▶ **DATA FOR ANALYSIS**
■ ■ ■ ■ ■ ■ ■
Lemma y_row_le (r X1 X3 f g h a c e q : R) :
  8 <= r -> 0 < f -> f ^+ 2 <= 3 ^+ 2 + 2 ^+ 2 -> 0 <= g -> g ^+ 2 <= 2 ^+ 2 + 2 ^+ 2 ->
  0 < X3 -> h <= a -> 4 <= c -> 4 <= e -> c <= r * q ->
  X1 * f *+ 2 + X3 * h = r * 1 -> 1 * f + X1 * g = r * X1 ->
  r * 1 <= X3 * a + q * c + e / r * e *+ 2.
Proof.
move=> r_ge8 f_gt0 f_le g_ge0 g_le X3_gt0 ha c_ge4 e_ge4 cq e0 e12.
have g_le3 : g <= 3 by nra.
have r_gt0 : 0 < r by lra.
have X1E : X1 * (r - g) = f by rewrite mulrBr mulrC -e12; ring.
have K_ge : 2 * f * X1 * r <= c ^+ 2 + 2 * e ^+ 2.
  have : 2 * f * X1 * r * (r - g) <= (c ^+ 2 + 2 * e ^+ 2) * (r - g).
    have -> : 2 * f * X1 * r * (r - g) = 2 * f ^+ 2 * r by rewrite -X1E; ring.
    have K48 : 48 <= c ^+ 2 + 2 * e ^+ 2 by nra.
    have : 2 * f ^+ 2 * r <= 26 * r by rewrite ler_pM2r //; lra.
    have : 48 * (r - g) <= (c ^+ 2 + 2 * e ^+ 2) * (r - g) by rewrite ler_pM2r //; lra.
    lra.
  by rewrite ler_pM2r //; lra.
have e2 : e / r * e *+ 2 = 2 * e ^+ 2 / r by rewrite mulr2n; field; rewrite gt_eqF.
have cq' : c ^+ 2 / r <= q * c.
  by rewrite ler_pdivrMr // expr2 mulrC [leRHS]mulrAC ler_wpM2r //; lra.
have fX1 : 2 * f * X1 <= (c ^+ 2 + 2 * e ^+ 2) / r by rewrite ler_pdivlMr.
rewrite -e0 e2; rewrite mulrDl in fX1; nra.
Qed.

End TestVectorBounds.

Lemma U4_vec_rel {T : Type} (P : rel T) n a b c d e a' b' c' d' e' k :
  P a a' -> P b b' -> P c c' -> P d d' -> P e e' ->
  P (U4_vec n a b c d e k) (U4_vec n a' b' c' d' e' k).
Proof. by rewrite /U4_vec; do 4?case: ifP. Qed.

Lemma U4_vec_map {T T' : Type} (f : T -> T') n a b c d e k :
  f (U4_vec n a b c d e k) = U4_vec n (f a) (f b) (f c) (f d) (f e) k.
Proof. by rewrite /U4_vec; do 4?case: ifP. Qed.

Lemma psombor_mx_ge0 (R : realType) n (p : R) (e : rel 'I_n) i j : 0 <= psombor_mx p e i j.
Proof. by rewrite psombor_mxE; case: ifP => _; rewrite ?sombor_weight_ge0. Qed.

Lemma psombor_mx_sym (R : realType) n (p : R) (e : rel 'I_n) : symmetric e ->
  forall i j, psombor_mx p e i j = psombor_mx p e j i.
Proof. by move=> e_sym i j; rewrite !psombor_mxE e_sym sombor_weightC. Qed.

Lemma U4_sym n : symmetric (@U4 n).
Proof. by move=> i j; rewrite /U4 orbC. Qed.

Section Spectra.
Variables (R : realType) (n : nat) (p : R).
Hypotheses (n_ge7 : (7 <= n)%N) (p_ge2 : 2 <= p).
Local Notation w := (sombor_weight p).
Local Notation m := ((n - 3)%:R : R).

Let p_gt0 : 0 < p. Proof. exact: lt_le_trans p_ge2. Qed.
Let n_gt0 : (0 < n)%N. Proof. exact: leq_trans n_ge7. Qed.

Let w_gt0 x y : 0 < x -> 0 <= y -> 0 < w x y.
Proof. by move=> x_gt0 _; apply: sombor_weight_gt0. Qed.

Let w_gel x y : 0 <= x -> 0 <= y -> x <= w x y.
Proof. by move=> x_ge0 _; apply: sombor_weight_gel. Qed.

Lemma U5_quotient_exists (M N : R) : 4 <= M -> 3 <= N ->
  exists r X1 X3 X4 : R, [/\ 0 < X1, 0 < X3, 0 < X4 & 8 <= r] /\
    [/\ X1 * w 2 3 *+ 2 + X3 * w M 3 = r * 1, 1 * w 3 2 + X1 * w 2 2 = r * X1,
        1 * w 3 M + X4 * w 1 M * N = r * X3 & X3 * w M 1 = r * X4].
Proof.
move=> M_ge4 N_ge3; have M_gt0 : 0 < M by lra.
have z1 : 0 <= 1 :> R := ler0n _ 1.
have z2 : 0 <= 2 :> R := ler0n _ 2.
have z3 : 0 <= 3 :> R := ler0n _ 3.
have f_gt0 : 0 < w 3 2 := w_gt0 (ltr0Sn _ 2) z2.
have g_gt0 : 0 < w 2 2 := w_gt0 (ltr0Sn _ 1) z2.
have g_le : w 2 2 ^+ 2 <= 2 ^+ 2 + 2 ^+ 2 := sombor_weight_sqr_le p_ge2 z2 z2.
have h_ge4 : 4 <= w 3 M by rewrite sombor_weightC (le_trans M_ge4 (w_gel (ltW M_gt0) z3)).
have d_ge4 : 4 <= w M 1 := le_trans M_ge4 (w_gel (ltW M_gt0) z1).
rewrite (sombor_weightC p 2 3) (sombor_weightC p M 3) (sombor_weightC p 1 M).
move: (w 3 2) (w 2 2) (w 3 M) (w M 1) f_gt0 g_gt0 g_le h_ge4 d_ge4.
move=> f g h d f_gt0 g_gt0 g_le h_ge4 d_ge4.
have d_gt0 : 0 < d by lra.
have N_ge0 : 0 <= N by lra.
have gh : g < h by nra.
have [r [X1 [X3 [X4 [[X1_gt0 X3_gt0 X4_gt0 r_bound] [e0 e12 e3 e4]]]]]] :=
  U5_quotient_solution f_gt0 g_gt0 d_gt0 N_ge0 gh.
have r_gt0 : 0 < r by rewrite -e0 addr_gt0 ?mulr_gt0 //; lra.
have r_ge8 : 8 <= r.
  have : 8 ^+ 2 <= r ^+ 2 by apply: le_trans r_bound; nra.
  by rewrite ler_sqr ?nnegrE //; lra.
exists r, X1, X3, X4; split; first by split.
by split; [rewrite -e0 | rewrite -e12 | rewrite -e3 | rewrite -e4]; ring.
Qed.

Lemma U5_largest_eigenvalue r X1 X3 X4 : 0 < X1 -> 0 < X3 -> 0 < X4 ->
  [/\ X1 * w 2 3 *+ 2 + X3 * w m 3 = r * 1, 1 * w 3 2 + X1 * w 2 2 = r * X1,
      1 * w 3 m + X4 * w 1 m * (n - 4)%:R = r * X3 & X3 * w m 1 = r * X4] ->
  is_largest_eigenvalue (psombor_mx p (@U5 n)) r.
Proof.
move=> X1_gt0 X3_gt0 X4_gt0 [e0 e12 e3 e4].
apply: (largest_eigenvalue_pos_eigenvector (x := \row_k U5_vec 1 X1 X3 X4 k)).
- exact: n_gt0.
- exact: psombor_mx_ge0.
- by move=> i; rewrite mxE /U5_vec; do 3?case: ifP => _; rewrite ?ltr01.
apply/rowP => j; rewrite U5_mulmx; last exact: n_ge7.
rewrite !mxE (U5_vec_map ( *%R r)).
by congr U5_vec; [exact: e0 | exact: e12 | rewrite -[X4 * _ *+ _]mulr_natr; exact: e3 | exact: e4].
Qed.

Lemma U4_quotient_exists (M N : R) : 4 <= M -> 0 <= N ->
  exists r T1 T2 Yp Yq : R, [/\ 0 < T1, 0 < T2, 0 < Yp & 0 < Yq] /\
    [/\ T1 * w 4 M + T2 * w 2 M + Yp * w 1 M * N = r * 1,
        1 * w M 4 + T2 * w 2 4 + Yq * w 1 4 *+ 2 = r * T1,
        1 * w M 2 + T1 * w 4 2 = r * T2, 1 * w M 1 = r * Yp & T1 * w 4 1 = r * Yq].
Proof.
move=> M_ge4 N_ge0; have M_gt0 : 0 < M by lra.
have z1 : 0 <= 1 :> R := ler0n _ 1.
have z2 : 0 <= 2 :> R := ler0n _ 2.
have z4 : 0 <= 4 :> R := ler0n _ 4.
have a_gt0 : 0 < w M 4 := w_gt0 M_gt0 z4.
have b_gt0 : 0 < w M 2 := w_gt0 M_gt0 z2.
have c_gt0 : 0 < w 4 2 := w_gt0 (ltr0Sn _ 3) z2.
have d_gt0 : 0 < w M 1 := w_gt0 M_gt0 z1.
have e_gt0 : 0 < w 4 1 := w_gt0 (ltr0Sn _ 3) z1.
rewrite (sombor_weightC p 4 M) (sombor_weightC p 2 M) (sombor_weightC p 1 M).
rewrite (sombor_weightC p 2 4) (sombor_weightC p 1 4).
move: (w M 4) (w M 2) (w 4 2) (w M 1) (w 4 1) a_gt0 b_gt0 c_gt0 d_gt0 e_gt0.
move=> a b c d e a_gt0 b_gt0 c_gt0 d_gt0 e_gt0.
have [r [T1 [T2 [Yp [Yq [pos [e0 e1 e2 e3 e4]]]]]]] :=
  U4_quotient_solution a_gt0 b_gt0 c_gt0 d_gt0 e_gt0 N_ge0.
exists r, T1, T2, Yp, Yq; split; first exact: pos.
by split; [rewrite -e0 | rewrite -e1 | rewrite -e2 | rewrite -e3 | rewrite -e4]; ring.
Qed.

Lemma U4_pos_eigenvector :
  exists r (x : 'rV[R]_n), (forall i, 0 < x 0 i) /\ x *m psombor_mx p (@U4 n) = r *: x.
Proof.
have m_ge4 : 4 <= m by rewrite ler_nat; lia.
have [r [T1 [T2 [Yp [Yq [[T1_gt0 T2_gt0 Yp_gt0 Yq_gt0] [e0 e1 e2 e3 e4]]]]]]] :=
  U4_quotient_exists m_ge4 (ler0n _ (n - 5)).
exists r, (\row_k U4_vec n 1 T1 T2 Yp Yq k); split.
  by move=> i; rewrite mxE /U4_vec; do 4?case: ifP => _; rewrite ?ltr01.
apply/rowP => j; rewrite U4_mulmx; last exact: n_ge7.
rewrite !mxE (U4_vec_map ( *%R r)).
congr U4_vec; [rewrite -[Yp * _ *+ _]mulr_natr; exact: e0 | exact: e1 | exact: e2 |
               exact: e3 | exact: e4].
Qed.

Let m_gt0 : 0 < m. Proof. by rewrite ltr0n; lia. Qed.
Let n45 : (n - 4 = (n - 5).+1)%N. Proof. lia. Qed.
Let o12 : 0 <= (1 : R) <= 2. Proof. by apply/andP; split; lra. Qed.
Let o34 : 0 <= (3 : R) <= 4. Proof. by apply/andP; split; lra. Qed.

Section Comparison.
Variables (r5 X1 X3 X4 : R).
Hypotheses (X3_gt0 : 0 < X3) (X4_gt0 : 0 < X4) (r5_ge8 : 8 <= r5).
Hypotheses (e0 : X1 * w 2 3 *+ 2 + X3 * w m 3 = r5 * 1)
           (e12 : 1 * w 3 2 + X1 * w 2 2 = r5 * X1)
           (e3 : 1 * w 3 m + X4 * w 1 m * (n - 4)%:R = r5 * X3)
           (e4 : X3 * w m 1 = r5 * X4).

Let r5_gt0 : 0 < r5. Proof. exact: lt_le_trans (ltr0Sn _ 7) r5_ge8. Qed.

Local Notation q := ((w m 2 * X3 + w 4 2) / r5).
■ ■ ■ ■ ■ ■ ■
▶ **PROBLEM DESCRIPTION**
From the records above, print only the lines between the one holding "P a a' -> P b" and the one holding "T') n a b c", inclusive, exactly as they stand.

▶ **FINAL ANSWER**
  P a a' -> P b b' -> P c c' -> P d d' -> P e e' ->
  P (U4_vec n a b c d e k) (U4_vec n a' b' c' d' e' k).
Proof. by rewrite /U4_vec; do 4?case: ifP. Qed.

Lemma U4_vec_map {T T' : Type} (f : T -> T') n a b c d e k :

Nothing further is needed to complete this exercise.